Some smelters are staying afloat by leaning on by-products. Revenues from selling by-products such as gold, silver and sulphuric acid have recently been at record highs, helping smelters that have access to by-product-rich concentrate offset losses from low treatment charges , the IEA said. But that's a lifeline, not a business model. When gold and silver prices normalize, the structural problem resurfaces: there's too much smelting capacity chasing too little concentrate.
The lithium boom in Chile underscores the paradox. First-half copper exports rose 11.5% year-over-year to $30.2 billion, supported by higher prices and stronger shipments , Mining.com reported. Chile is producing more copper than ever—but the smelters that turn that copper into usable metal are operating at a loss.

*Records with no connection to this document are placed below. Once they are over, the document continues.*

(* Let $\mathcal{E}$ be a finite-dimensional Euclidean space, $e\in\mathcal{E}$ nonzero, and let $C$ be a compact convex set contained in the hyperplane $H=\{x\in\mathcal{E}: \langle e,x\rangle=1\}$. If $C$ is amenable, then its conic hull $\mathcal{K}=\operatorname{cone}C=\{\lambda x: x\in C,\lambda\ge0\}$ is also amenable.
   Context: A face of a closed convex set $C$ is a closed convex subset $F\subseteq C$ such that whenever $x,y\in C$ and $\alpha x+(1-\alpha)y\in F$ for some $\alpha\in(0,1)$, then $x,y\in F$. A face $F$ of a closed convex set $C$ is amenable if for every bounded set $B$ there exists $\kappa>0$ such that $\operatorname{dist}(x,F)\le\kappa\operatorname{dist}(x,C)$ for all $x\in(\operatorname{aff}F)\cap B$; $C$ is amenable if all its faces are amenable. For a closed convex cone $\mathcal{K}$ this is equivalent to: for every face $\mathcal{F}$ there is $\kappa>0$ with $\operatorname{dist}(x,\mathcal{F})\le\kappa\operatorname{dist}(x,\mathcal{K})$ for all $x\in\operatorname{span}\mathcal{F}$. *)

From HB Require Import structures.
From mathcomp Require Import all_boot all_order all_algebra.
From mathcomp Require Import all_classical all_reals all_analysis.
Set Implicit Arguments. Unset Strict Implicit. Unset Printing Implicit Defensive.
Import Order.TTheory GRing.Theory Num.Theory.
Import numFieldNormedType.Exports.
Local Open Scope classical_set_scope.
Local Open Scope ring_scope.

Definition dotv (R : realType) (n : nat) (x y : 'rV[R]_n) : R :=
  \sum_(i < n) x ord0 i * y ord0 i.

Definition enorm (R : realType) (n : nat) (x : 'rV[R]_n) : R :=
  Num.sqrt (dotv x x).

Definition dist (R : realType) (n : nat) (x : 'rV[R]_n) (S : set 'rV[R]_n) : R :=
  inf [set enorm (x - y) | y in S].

Definition convexS (R : realType) (n : nat) (S : set 'rV[R]_n) : Prop :=
  forall x y (t : R), S x -> S y -> 0 <= t -> t <= 1 -> S (t *: x + (1 - t) *: y).

Definition bounded_set (R : realType) (n : nat) (B : set 'rV[R]_n) : Prop :=
  exists M : R, forall x, B x -> enorm x <= M.

Definition aff (R : realType) (n : nat) (S : set 'rV[R]_n) : set 'rV[R]_n :=
  [set x | exists (k : nat) (p : 'I_k -> 'rV[R]_n) (a : 'I_k -> R),
      (forall i, S (p i)) /\ \sum_(i < k) a i = 1 /\ x = \sum_(i < k) a i *: p i].

Definition is_face (R : realType) (n : nat) (C F : set 'rV[R]_n) : Prop :=
  closed F /\ convexS F /\ F `<=` C /\
  forall x y (a : R), C x -> C y -> 0 < a -> a < 1 ->
    F (a *: x + (1 - a) *: y) -> F x /\ F y.

Definition amenable_face (R : realType) (n : nat) (C F : set 'rV[R]_n) : Prop :=
  forall B : set 'rV[R]_n, bounded_set B ->
    exists kappa : R, 0 < kappa /\
      forall x, aff F x -> B x -> dist x F <= kappa * dist x C.

Definition amenable (R : realType) (n : nat) (C : set 'rV[R]_n) : Prop :=
  forall F, is_face C F -> amenable_face C F.

Definition cone_hull (R : realType) (n : nat) (C : set 'rV[R]_n) : set 'rV[R]_n :=
  [set z | exists (l : R) (x : 'rV[R]_n), 0 <= l /\ C x /\ z = l *: x].

From HB Require Import structures.
From mathcomp Require Import all_boot all_order all_algebra.
From mathcomp Require Import all_classical all_reals all_analysis.
From mathcomp Require Import ring lra.
Set Implicit Arguments. Unset Strict Implicit. Unset Printing Implicit Defensive.
Import Order.TTheory GRing.Theory Num.Theory.
Import numFieldNormedType.Exports.
Local Open Scope classical_set_scope.
Local Open Scope ring_scope.

(* A face G of cone C is the cone over the face F = G ∩ C of C, on which <e,.> = 1.
   Let x ∈ aff G and k = s c with c ∈ C, and let M bound the norms of points of C.
   If |x| <= 2|x - k| then, as 0 ∈ G, dist(x, G) <= |x| <= 2|x - k|.  Otherwise
   s >= |x| / 2M, and for any p ∈ F the point y = x/s + (1 - <e,x>/s) p lies in aff F
   and in a ball whose radius does not depend on x; moreover s y is within
   |e| M |x - k| of x, because s - <e,x> = <e, k - x>.  Amenability of F in C gives
   dist(y, F) <= kappa_F |y - c|, and since s F ⊆ G, scaling back by s bounds
   dist(x, G) by a fixed multiple of |x - k|.  The infimum over k then bounds it by
   dist(x, cone C), with a constant independent of the bounded set. *)

Lemma discriminant_le (F : realFieldType) (a b c : F) : 0 <= c ->
  (forall t, 0 <= a + 2 * b * t + c * t ^+ 2) -> b ^+ 2 <= a * c.
Proof.
move=> c_ge0 quad_ge0; have [c_gt0|] := ltrP 0 c.
  have := quad_ge0 (- b / c).
  have -> : a + 2 * b * (- b / c) + c * (- b / c) ^+ 2 = (a * c - b ^+ 2) / c.
    by field; rewrite gt_eqF.
  by rewrite pmulr_lge0 ?invr_gt0 // subr_ge0.
move=> c_le0; have c0 : c = 0 by apply/eqP; rewrite eq_le c_le0.
rewrite c0 in quad_ge0 *; rewrite mulr0; have [->|b_neq0] := eqVneq b 0; first by rewrite expr0n.
have := quad_ge0 (- (a + 1) / (2 * b)).
have -> : a + 2 * b * (- (a + 1) / (2 * b)) + 0 * (- (a + 1) / (2 * b)) ^+ 2 = -1.
  by field.
by rewrite ler0N1.
Qed.

Section Euclidean.
Variables (R : realType) (n : nat).
Implicit Types (x y z : 'rV[R]_n) (S : set 'rV[R]_n).

Lemma dotvC x y : dotv x y = dotv y x.
Proof. by apply: eq_bigr => i _; rewrite mulrC. Qed.

Lemma dotvDr x y z : dotv x (y + z) = dotv x y + dotv x z.
Proof. by rewrite /dotv -big_split; apply: eq_bigr => i _; rewrite mxE mulrDr. Qed.

Lemma dotvZr (a : R) x y : dotv x (a *: y) = a * dotv x y.
Proof. by rewrite /dotv mulr_sumr; apply: eq_bigr => i _; rewrite mxE mulrCA. Qed.

Lemma dotvBr x y z : dotv x (y - z) = dotv x y - dotv x z.
Proof. by rewrite dotvDr -scaleN1r dotvZr mulN1r. Qed.

Lemma dotv0r x : dotv x 0 = 0.
Proof. by rewrite -(scale0r 0) dotvZr mul0r. Qed.

Lemma dotv_sumr x k (F : 'I_k -> 'rV[R]_n) :
  dotv x (\sum_(i < k) F i) = \sum_(i < k) dotv x (F i).
Proof. exact: (big_morph _ (dotvDr x) (dotv0r x)). Qed.

Lemma dotvv_ge0 x : 0 <= dotv x x.
Proof. by apply: sumr_ge0 => i _; rewrite -expr2 sqr_ge0. Qed.

Lemma dotv_sqr_le x y : dotv x y ^+ 2 <= dotv x x * dotv y y.
Proof.
apply: discriminant_le (dotvv_ge0 y) _ => t.
have -> : dotv x x + 2 * dotv x y * t + dotv y y * t ^+ 2 =
          dotv (x + t *: y) (x + t *: y).
  rewrite /dotv mulr_sumr !mulr_suml -!big_split /=.
  by apply: eq_bigr => i _; rewrite !mxE; ring.
exact: dotvv_ge0.
Qed.

Lemma enorm_ge0 x : 0 <= enorm x.
Proof. exact: sqrtr_ge0. Qed.

Lemma enorm_sqr x : enorm x ^+ 2 = dotv x x.
Proof. by rewrite sqr_sqrtr ?dotvv_ge0. Qed.

Lemma dotv_le_enorm x y : `|dotv x y| <= enorm x * enorm y.
Proof.
rewrite -sqrtr_sqr /enorm -sqrtrM ?dotvv_ge0 //.
by apply: ler_wsqrtr; apply: dotv_sqr_le.
Qed.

Where Are the Real Chokepoints?
Washington is betting the answer lies in processing, not just mining. REalloys Inc., Titan Mining Corp., ioneer Ltd. and Energy X have reached agreements with the Pentagon to build facilities for processing rare earth minerals, graphite, lithium and boron on U.S. Army bases, with Titan Mining building a graphite purification facility and EnergyX and ioneer developing lithium and boron plants , Bloomberg reported in late June. The awards are the first time the Army has sited commercial mineral processing facilities on American military installations , the Army said.
The logic is clear: President Donald Trump's administration is racing to boost production of critical minerals on U.S. soil in an effort to reduce dependency on imports, especially from China, as the minerals are essential to consumer electronics, automobiles and defense technologies , Mining.com reported. The companies are expected to start building the plants as early as 2027, with mineral production expected to begin by 2028 .

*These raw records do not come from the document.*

Lemma sum_powerset_sign_mem (x : T) (S R : {set T}) : x \notin S ->
  \sum_(P in powerset (x |: S) | x \in P)
      (-1) ^+ (#|P| - 1)%N * ((P \subset R) : nat)%:Z
    = (((x \in R) && (S :&: R == set0)) : nat)%:Z :> int.
Proof.
move=> xS; have [xR|xR] /= := boolP (x \in R); last first.
  rewrite big1 // => P /andP[_ xP].
  suff /negbTE-> : ~~ (P \subset R) by rewrite mulr0.
  by apply: contra xR => /subsetP sPR; apply: sPR.
have := sum_powerset_sign_subset (x |: S) R.
have /negbTE-> : (x |: S) :&: R != set0 by apply/set0Pn; exists x; rewrite !inE eqxx.
rewrite (bigID (fun P : {set T} => x \in P)) /= => /eqP; rewrite addr_eq0 => /eqP sum_mem.
transitivity (- \sum_(P in powerset (x |: S) | x \in P)
                 (-1) ^+ #|P| * ((P \subset R) : nat)%:Z).
  rewrite -sumrN; apply: eq_bigr => P /andP[_ xP]; rewrite -mulNr.
  by rewrite (cardsD1 x P) xP add1n subn1 exprS mulN1r opprK.
rewrite sum_mem opprK -sum_powerset_sign_subset; apply: eq_bigl => P.
by rewrite !powersetE -{2}(setU1K xS) subsetD1.
Qed.

Lemma sum_at_most_one (F : pred T) :
  (forall x y, F x -> F y -> x = y) ->
  \sum_x (F x : nat)%:Z = ([exists x, F x] : nat)%:Z :> int.
Proof.
move=> F_uniq; have [/existsP[x Fx]|/existsPn noF] := boolP [exists x, F x].
  rewrite (bigD1 x) //= Fx big1 ?addr0 // => y ne_yx.
  by case: (boolP (F y)) => // /F_uniq/(_ Fx) eq_yx; rewrite eq_yx eqxx in ne_yx.
by rewrite big1 // => x _; rewrite (negbTE (noF x)).
Qed.

End SignedSubsetSums.

Lemma injective_of_card_imset (T U : finType) (f : T -> U) :
  #|[set f x | x : T]| = #|T| -> injective f.
Proof.
move=> card_f x y; have /imset_injP inj : #|[set f x | x : T]| == #|T| by rewrite card_f.
exact: inj.
Qed.

Lemma injective_of_card_imset2 (T1 T2 U : finType) (f : T1 -> T2 -> U) :
  #|[set f x y | x : T1, y : T2]| = (#|T1| * #|T2|)%N ->
  injective (fun c : T1 * T2 => f c.1 c.2).
Proof.
move=> card_f; apply: injective_of_card_imset; rewrite card_prod -card_f.
suff -> : [set f c.1 c.2 | c : T1 * T2] = [set f x y | x : T1, y : T2] by [].
apply/setP => z; apply/imsetP/imset2P => [[c _ ->]|[x y _ _ ->]].
  by exists c.1 c.2.
by exists (x, y).
Qed.

Section Labelings.
Variables (V : finType) (k : nat).
Local Notation labeling := {ffun V -> 'I_k}.
Implicit Types (phi : labeling) (e : rel V) (S : {set {perm V}}).

Definition fixers phi : {set {perm V}} := [set p | preserves p phi].

Lemma group_set_fixers phi : group_set (fixers phi).
Proof.
apply/group_setP; split=> [|p q]; rewrite !inE.
  by apply/forallP => v; rewrite perm1.
move=> /forallP fix_p /forallP fix_q; apply/forallP => v.
by rewrite permM (eqP (fix_q _)) (eqP (fix_p _)).
Qed.

Canonical fixers_group phi := group (group_set_fixers phi).

Lemma Aut1 e : 1%g \in Defs.Aut e.
Proof. by rewrite inE; apply/forallP => x; apply/forallP => y; rewrite !perm1. Qed.

Lemma in_stab e phi p : (p \in stab e phi) = (p \in Defs.Aut e) && (p \in fixers phi).
Proof. by rewrite !inE. Qed.

Lemma distinguishing_disjoint e S phi :
  S \subset Defs.Aut e -> 1%g \notin S -> distinguishing e phi ->
  S :&: fixers phi = set0.
Proof.
move=> sSAut notS1 /eqP stab1; apply/setP => p; rewrite inE in_set0.
apply/andP => -[pS p_fix]; have : p \in stab e phi by rewrite in_stab (subsetP sSAut).
by rewrite stab1 inE => /eqP p1; rewrite -p1 pS in notS1.
Qed.

Local Open Scope ring_scope.

Lemma card_set_int (T : finType) (b : pred T) :
  #|[set x | b x]|%:Z = \sum_x (b x : nat)%:Z.
Proof.
rewrite -sum1_card (big_morph Posz PoszD (erefl _)) big_mkcond /=.
by apply: eq_bigr => x _; rewrite inE; case: (b x).
Qed.

Lemma Nge_sum S : (Nge k S)%:Z = \sum_(phi : labeling) ((S \subset fixers phi) : nat)%:Z.
Proof.
rewrite /Nge card_set_int; apply: eq_bigr => phi _.
by congr (Posz (nat_of_bool _)); apply/forall_inP/subsetP => fixS p /fixS; rewrite inE.
Qed.

Lemma Ldist_sum e :
  (Ldist e k)%:Z = \sum_(phi : labeling) (distinguishing e phi : nat)%:Z.
Proof. by rewrite card_set_int. Qed.

Lemma Neq_sum e S : (Neq e k S)%:Z = \sum_(phi : labeling) ((stab e phi == S) : nat)%:Z.
Proof. by rewrite card_set_int. Qed.

Lemma sum_Nge_sign S :
  \sum_(P in powerset S) (-1) ^+ #|P| * (Nge k P)%:Z
    = \sum_(phi : labeling) ((S :&: fixers phi == set0) : nat)%:Z.
Proof.
under eq_bigr do rewrite Nge_sum mulr_sumr.
by rewrite exchange_big; apply: eq_bigr => phi _; rewrite sum_powerset_sign_subset.
Qed.

Lemma sum_Nge_sign_mem x S : x \notin S ->
  \sum_(P in powerset (x |: S) | x \in P) (-1) ^+ (#|P| - 1)%N * (Nge k P)%:Z
    = \sum_(phi : labeling) (((x \in fixers phi) && (S :&: fixers phi == set0)) : nat)%:Z.
Proof.
move=> xS; under eq_bigr do rewrite Nge_sum mulr_sumr.
by rewrite exchange_big; apply: eq_bigr => phi _; rewrite sum_powerset_sign_mem.
Qed.

End Labelings.

Section CyclicFacts.
Variable gT : finGroupType.
Implicit Types x y r s : gT.
Local Open Scope group_scope.

Lemma orderX_cofactor x n : (n %| #[x])%N -> #[x ^+ (#[x] %/ n)] = n.
Proof. by move=> n_x; rewrite orderXdiv ?dvdn_div // divnA // mulKn. Qed.

(* Take for [p] a prime factor of [#[y]]: the cyclic group [<[x]>] has a
   unique subgroup of order [p]. *)
Lemma cycle_prime_root x y : y \in <[x]> -> y != 1 ->
  exists2 p, p \in primes #[x] & x ^+ (#[x] %/ p) \in <[y]>.
Proof.
move=> xy y1; set p := pdiv #[y].
have p_pr : prime p by rewrite pdiv_prime // order_gt1.
have p_y : (p %| #[y])%N := pdiv_dvd _.
have p_x : (p %| #[x])%N := dvdn_trans p_y (order_dvdG xy).
exists p; first by rewrite mem_primes p_pr order_gt0.
have y_sub_x : <[y ^+ (#[y] %/ p)]> \subset <[x]>.
  by rewrite cycle_subG groupX.
have same_cycle : <[x ^+ (#[x] %/ p)]> = <[y ^+ (#[y] %/ p)]>.
  apply/eqP; rewrite (eq_subG_cyclic (cycle_cyclic x)) ?cycleX //.
  by rewrite -!orderE !orderX_cofactor.
by apply: (subsetP (cycleX y (#[y] %/ p))); rewrite -same_cycle cycle_id.
Qed.

Lemma cycle_sqr_eq1 x y : y \in <[x]> -> y ^+ 2 = 1 ->
  y = 1 \/ ~~ odd #[x] /\ y = x ^+ (#[x] %/ 2).
Proof.
case/cyclePmin => i lt_i_x ->{y}; rewrite -expgM => /eqP; rewrite -order_dvdn.
have [->|i_gt0 /dvdnP[c def_c]] := posnP i; first by left; rewrite expg0.
have double_i : (i * 2 = #[x])%N.
  have : (0 < c < 2)%N.
    rewrite -[0 < c](ltn_pmul2r (order_gt0 x)) -[c < 2](ltn_pmul2r (order_gt0 x)).
    by rewrite -def_c mul0n muln_gt0 i_gt0 mulnC ltn_pmul2l.
  by case: c def_c => [|[|]] // ->; rewrite mul1n.
by right; rewrite -double_i oddM andbF mulnK.
Qed.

Meanwhile, India and Indonesia signed deals this week to strengthen critical minerals supply chains. Indonesia and India signed a raft of deals on critical minerals, agriculture and defence, including memorandums of understanding for strengthening supply chains in critical minerals and steel , Reuters reported Tuesday. Indonesia commands the world's largest reserves of nickel, reaching 62 million metric tons, but has stopped exporting raw nickel ores and is limiting shipments to processed goods , the Jakarta Globe noted.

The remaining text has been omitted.